Records contained in a dataset
(* Assume only upper-bound group constraints, i.e. $\mathcal S=\{r:\ |\{u\in C_k: r(u)\le i\}|\le u_i^k\ \forall i\in[n],k\in[t]\}\neq\emptyset$. Let $F$ be a maxmin-fair distribution over $\mathcal S$ for satisfaction $A=V$. Then $F$ is generalized Lorenz-dominant: for every probability distribution $D$ over $\mathcal S$ and every $m\in[n]$, $$\sum_{j=1}^m D_{(j)}\ \le\ \sum_{j=1}^m F_{(j)},$$ where $D_{(j)}$ denotes the $j$-th smallest value among $(D[u])_{u\in\mathcal U}$.
   Context: Ranking setting: $\mathcal U=\{u_1,\dots,u_n\}$ is a finite set of $n$ individuals, partitioned into groups $C_1,\dots,C_t$. $R:\mathcal U\to\mathbb R$ is a relevance function with pairwise distinct values. A ranking is a bijection $r:\mathcal U\to[n]$. The value function is $V(r,u)=f(r(u))-g(u)$, where $f:[n]\to\mathbb R$ is non-increasing and $g:\mathcal U\to\mathbb R$ satisfies $R(u)\ge R(v)\Rightarrow g(u)\ge g(v)$. The upper bounds $u_i^k$ are integers. Maxmin-fairness: for a finite nonempty set $\mathcal S$ of solutions, a finite set $\mathcal U$ and $A:\mathcal S\times\mathcal U\to\mathbb R$, for a probability distribution $D$ over $\mathcal S$ write $D[u]=\mathbb E_{S\sim D}[A(S,u)]$. A distribution $F$ over $\mathcal S$ is maxmin-fair if for every distribution $D$ over $\mathcal S$ and every $u\in\mathcal U$: if $D[u]>F[u]$ then there exists $v\in\mathcal U$ with $D[v]<F[v]\le F[u]$. *)

From HB Require Import structures.
From mathcomp Require Import all_boot all_order all_algebra all_fingroup.
From mathcomp Require Import reals.
Set Implicit Arguments. Unset Strict Implicit. Unset Printing Implicit Defensive.
Import Order.TTheory GRing.Theory Num.Theory.
Local Open Scope ring_scope.

(* Individuals u_1..u_n are the elements of 'I_n.  A ranking is a bijection
   U -> [n]; we represent it by r : {perm 'I_n}, the rank of u being
   (r u).+1 \in {1,..,n}.  Groups: grp u = k means u \in C_k (k : 'I_t). *)

Definition rnk n (r : {perm 'I_n}) (u : 'I_n) : nat := (val (r u)).+1.

Definition feasible n t (grp : 'I_n -> 'I_t) (ub : nat -> 'I_t -> int)
  (r : {perm 'I_n}) : bool :=
  [forall i : 'I_n, forall k : 'I_t,
     (#|[set u | (grp u == k) && (rnk r u <= i.+1)%N]|%:Z <= ub i.+1 k)].

Definition Vfun (R : realType) n (f : nat -> R) (g : 'I_n -> R)
  (r : {perm 'I_n}) (u : 'I_n) : R := f (rnk r u) - g u.

Definition is_distr (R : realType) (Sol : finType) (S : pred Sol)
  (D : {ffun Sol -> R}) : Prop :=
  [/\ forall s, 0 <= D s, \sum_s D s = 1 & forall s, ~~ S s -> D s = 0].

Definition expA (R : realType) (Sol U : finType) (A : Sol -> U -> R)
  (D : {ffun Sol -> R}) (u : U) : R := \sum_s D s * A s u.

Definition maxmin_fair (R : realType) (Sol U : finType) (S : pred Sol)
  (A : Sol -> U -> R) (F : {ffun Sol -> R}) : Prop :=
  is_distr S F /\
  forall D, is_distr S D -> forall u : U,
    expA A F u < expA A D u ->
    exists v : U, expA A D v < expA A F v /\ expA A F v <= expA A F u.

Definition lorenz_sum (R : realType) (Sol U : finType) (A : Sol -> U -> R)
  (D : {ffun Sol -> R}) (m : nat) : R :=
  let s := sort <=%R [seq expA A D u | u <- enum U] in
  \sum_(j < m) nth 0 s j.

From HB Require Import structures.
From mathcomp Require Import all_boot all_order all_algebra all_fingroup.
From mathcomp Require Import reals.
From mathcomp Require Import zify lra.
Set Implicit Arguments. Unset Strict Implicit. Unset Printing Implicit Defensive.
Import Order.TTheory GRing.Theory Num.Theory.

(* Fix a set [S] of individuals.  A feasible ranking is
      locally optimal for [S] if no feasible transposition moves a member of
      [S] ahead of a non-member.  From every feasible [r] one reaches such a
      ranking [improve S r] that places every member of [S] no later than
      [r] does (minimise the total position of [S]); and a locally optimal
      ranking has, in every prefix, at least as many members of [S] as any
      feasible ranking.  By Abel summation ([f] is non-increasing) it
      therefore maximises the total value of [S].
   2. Fairness.  For a set [X] closed downwards for the values of [F], the
      image of [F] under [improve X] dominates [F] on [X]; maxmin-fairness
      forces equality on [X], so [F] maximises the expected value of [X].
   3. Lorenz dominance follows from optimality on the level sets
      [{F < c}] and [{F <= c}] of the [m]-th smallest value [c], by a chord
      (mean-value) argument for the values equal to [c]. *)

Section Rankings.
Variables (n t : nat) (grp : 'I_n -> 'I_t) (ub : nat -> 'I_t -> int).

Definition cnt (r : {perm 'I_n}) (k : 'I_t) (j : nat) : nat :=
  \sum_x ((grp x == k) && (r x < j)).

Lemma card_prefix_group (r : {perm 'I_n}) k j :
  #|[set u | (grp u == k) && (rnk r u <= j)]| = cnt r k j.
Proof.
rewrite -sum1dep_card big_mkcond; apply: eq_bigr => x _.
by case: (_ && _).
Qed.

Lemma feasibleP r :
  reflect (forall j k, (0 < j <= n)%N -> ((cnt r k j)%:Z <= ub j k)%R)
          (feasible grp ub r).
Proof.
apply: (iffP forallP) => [H [|j] k // /andP[_ jn]|H i].
  by have /forallP := H (Ordinal jn); rewrite -card_prefix_group.
by apply/forallP => k; have := H i.+1 k (ltn_ord i); rewrite -card_prefix_group.
Qed.

Lemma cnt_swap (r : {perm 'I_n}) u w k j : u != w ->
  (cnt (tperm u w * r) k j + ((grp w == k) && (r w < j))
     + ((grp u == k) && (r u < j)) =
   cnt r k j + ((grp w == k) && (r u < j)) + ((grp u == k) && (r w < j)))%N.
Proof.
move=> uw; have wu : w != u by rewrite eq_sym.
have -> : cnt (tperm u w * r) k j =
          (\sum_x ((grp (tperm u w x) == k) && (r x < j)))%N.
  rewrite /cnt (reindex_inj (@perm_inj _ (tperm u w))) /=.
  by apply: eq_bigr => x _; rewrite permM tpermK.
rewrite /cnt (bigD1 u) // (bigD1 w) //= tpermL tpermR.
rewrite [\sum_x _](bigD1 u) //= [\sum_(i | i != u) _](bigD1 w) //=.
set A := (\sum_(i | _) _)%N; set B := (\sum_(i | _) _)%N.
suff -> : A = B by lia.
by apply: eq_bigr => x /andP[xu xw]; rewrite tpermD // eq_sym.
Qed.

Lemma cnt_swap_le (r : {perm 'I_n}) u w k j : (r u < r w)%N ->
  (cnt (tperm u w * r) k j <=
   cnt r k j + [&& grp w == k, grp u != k & r u < j <= r w])%N.
Proof.
move=> ruw; have uw : u != w by apply: contraTneq ruw => ->; rewrite ltnn.
have := cnt_swap r k j uw.
move: (cnt _ k j) (cnt r k j) => c' c.
case: (grp w == k); case: (grp u == k) => /=;
case: (ltnP (r u) j); case: (ltnP (r w) j) => /=; lia.
Qed.

Lemma swap_same_group_feasible (r : {perm 'I_n}) u w :
  feasible grp ub r -> grp u = grp w -> feasible grp ub (tperm u w * r).
Proof.
move=> /feasibleP Fr g_uw; apply/feasibleP => j k jn.
case: (eqVneq u w) => [->|uw]; first by rewrite tperm1 mul1g; apply: Fr.
have /eqP := cnt_swap r k j uw; rewrite g_uw addnAC !eqn_add2r => /eqP ->.
exact: Fr.
Qed.

Lemma swap_feasible (r : {perm 'I_n}) u w :
  feasible grp ub r -> (r u < r w)%N -> grp u != grp w ->
  (forall j, (r u < j <= r w)%N -> ((cnt r (grp w) j).+1%:Z <= ub j (grp w))%R) ->
  feasible grp ub (tperm u w * r).
Proof.
move=> /feasibleP Fr ruw guw slack; apply/feasibleP => j k jn.
have := cnt_swap_le k j ruw.
case: (boolP [&& grp w == k, grp u != k & r u < j <= r w]).
  move=> /and3P[/eqP <- _ jw] le_cnt.
  by apply: le_trans (slack j jw); rewrite lez_nat -addn1.
by rewrite addn0 => _ le_cnt; apply: le_trans (Fr j k jn); rewrite lez_nat.
Qed.
End Rankings.

Section Domination.
Variables (n t : nat) (grp : 'I_n -> 'I_t) (ub : nat -> 'I_t -> int).
Variable S : {set 'I_n}.

Local Notation feasible := (feasible grp ub).

Definition pcnt (r : {perm 'I_n}) (j : nat) : nat := \sum_(x in S) (r x < j).
Definition gpcnt (r : {perm 'I_n}) (k : 'I_t) (j : nat) : nat :=
  \sum_(x in S | grp x == k) (r x < j).

Definition locopt (r : {perm 'I_n}) : Prop :=
  forall u w, u \notin S -> w \in S -> (r u < r w)%N -> ~~ feasible (tperm u w * r).

(* In a locally optimal ranking, members of [S] precede the non-members of
   their own group, since exchanging them is always feasible. *)
Lemma locopt_group_order r : feasible r -> locopt r ->
  forall x w, x \notin S -> w \in S -> grp x = grp w -> (r w < r x)%N.
Proof.
move=> Fr Lr x w xS wS gxw; rewrite ltnNge leq_eqVlt negb_or; apply/andP; split.
  by apply: contraNneq xS => /val_inj/perm_inj ->.
by apply/negP => lt_xw; have := Lr x w xS wS lt_xw; rewrite swap_same_group_feasible.
Qed.

Definition improve (r : {perm 'I_n}) : {perm 'I_n} :=
  [arg min_(r' < r | feasible r' && [forall w in S, (r' w <= r w)%N])
     \sum_(w in S) val (r' w)].

Lemma improve_spec r : feasible r ->
  [/\ feasible (improve r), (forall w, w \in S -> (improve r w <= r w)%N)
    & locopt (improve r)].
Proof.
move=> Fr; rewrite /improve.
have Pr : feasible r && [forall w in S, (r w <= r w)%N].
  by rewrite Fr; apply/forall_inP.
case: arg_minnP => // r' /andP[Fr' /forall_inP le_r'] min_r'.
split => // u w uS wS ruw; apply/negP => Fs.
have uw : u != w by apply: contraNneq uS => ->.
have fixS x : x \in S -> x != w -> (tperm u w * r')%g x = r' x.
  move=> xS xw; rewrite permM tpermD 1?eq_sym //.
  by apply: contraNneq uS => <-.
have rs_w : (tperm u w * r')%g w = r' u by rewrite permM tpermR.
have /min_r' : feasible (tperm u w * r') &&
               [forall x in S, ((tperm u w * r')%g x <= r x)%N].
  rewrite Fs; apply/forall_inP => x xS; case: (eqVneq x w) => [->|xw].
    by rewrite rs_w (leq_trans (ltnW ruw)) ?le_r'.
  by rewrite fixS ?le_r'.
rewrite leqNgt => /negP; apply.
rewrite (bigD1 w) //= [X in (_ < X)%N](bigD1 w) //= rs_w.
rewrite (eq_bigr (fun x => val (r' x))) ?ltn_add2r //.
by move=> x /andP[xS xw]; rewrite fixS.
Qed.

Lemma pcnt_le_card r j : (pcnt r j <= #|S|)%N.
Proof. by rewrite /pcnt -sum1_card; apply: leq_sum => x _; case: (_ < _)%N. Qed.

Lemma pcnt_full r j : (n <= j)%N -> pcnt r j = #|S|.
Proof.
move=> nj; rewrite /pcnt -sum1_card; apply: eq_bigr => x _.
by rewrite (leq_trans (ltn_ord (r x)) nj).
Qed.

Lemma pcnt_succ r j (jn : (j < n)%N) :
  pcnt r j.+1 = (pcnt r j + ((r^-1)%g (Ordinal jn) \in S))%N.
Proof.
have at_j x : (x == (r^-1)%g (Ordinal jn)) = (val (r x) == j).
  apply/eqP/eqP => [->|E]; first by rewrite permKV.
  by apply: (@perm_inj _ r); rewrite permKV; apply: val_inj.
rewrite /pcnt (eq_bigr (fun x => (r x < j) + (x == (r^-1)%g (Ordinal jn))))%N; last first.
  by move=> x _; rewrite at_j ltnS leq_eqVlt; case: ltngtP.
rewrite big_split /=; congr (_ + _)%N.
case: (boolP ((r^-1)%g (Ordinal jn) \in S)) => H.
  by rewrite (bigD1 _ H) /= eqxx big1 // => x /andP[_ /negbTE ->].
by apply: big1 => x xS; case: eqP => // E; move: H; rewrite -E xS.
Qed.

Lemma pcnt_groups r j : pcnt r j = (\sum_k gpcnt r k j)%N.
Proof. exact: (partition_big grp predT). Qed.

Lemma cnt_mono r k j j' : (j <= j')%N -> (cnt grp r k j <= cnt grp r k j')%N.
Proof.
move=> jj; apply: leq_sum => x _; case: (grp x == k) => //=.
by case H: (_ < j)%N => //=; rewrite (leq_trans H jj).
Qed.

Lemma gpcnt_le_cnt r k j : (gpcnt r k j <= cnt grp r k j)%N.
Proof.
rewrite /gpcnt /cnt big_mkcond /=; apply: leq_sum => x _.
by case: (x \in S); case: (grp x == k).
Qed.

Lemma locopt_cnt_gap r k w j j' : feasible r -> locopt r ->
  w \in S -> grp w = k ->
  (forall x, x \in S -> grp x = k -> (j < r x)%N -> (r w <= r x)%N) ->
  (j < j' <= r w)%N -> cnt grp r k j' = gpcnt r k j.+1.
Proof.
move=> Fr Lr wS gw w_first /andP[jj' j'w].
rewrite /gpcnt /cnt [RHS]big_mkcond [RHS]big_mkcond /=.
apply: eq_bigr => x _; case: (eqVneq (grp x) k) => gx; rewrite ?andbF //=.
have S_before_w : (r x < r w)%N -> x \in S.
  apply: contraTT => xS; rewrite -leqNgt ltnW //.
  by apply: locopt_group_order => //; rewrite gx.
case: (ltnP (r x) j.+1) => [xj | jx].
  by rewrite S_before_w ?(leq_trans xj) ?(leq_trans jj').
have [x_w|] := ltnP (r x) j'; last by case: (x \in S).
have xS := S_before_w (leq_trans x_w j'w).
by have := w_first x xS gx jx; rewrite leqNgt (leq_trans x_w j'w).
Qed.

#### TASK PROMPT
Among the lines above, return those that contain the string "notin".

#### OUTPUT OF THE EXERCISE
  forall u w, u \notin S -> w \in S -> (r u < r w)%N -> ~~ feasible (tperm u w * r).
  forall x w, x \notin S -> w \in S -> grp x = grp w -> (r w < r x)%N.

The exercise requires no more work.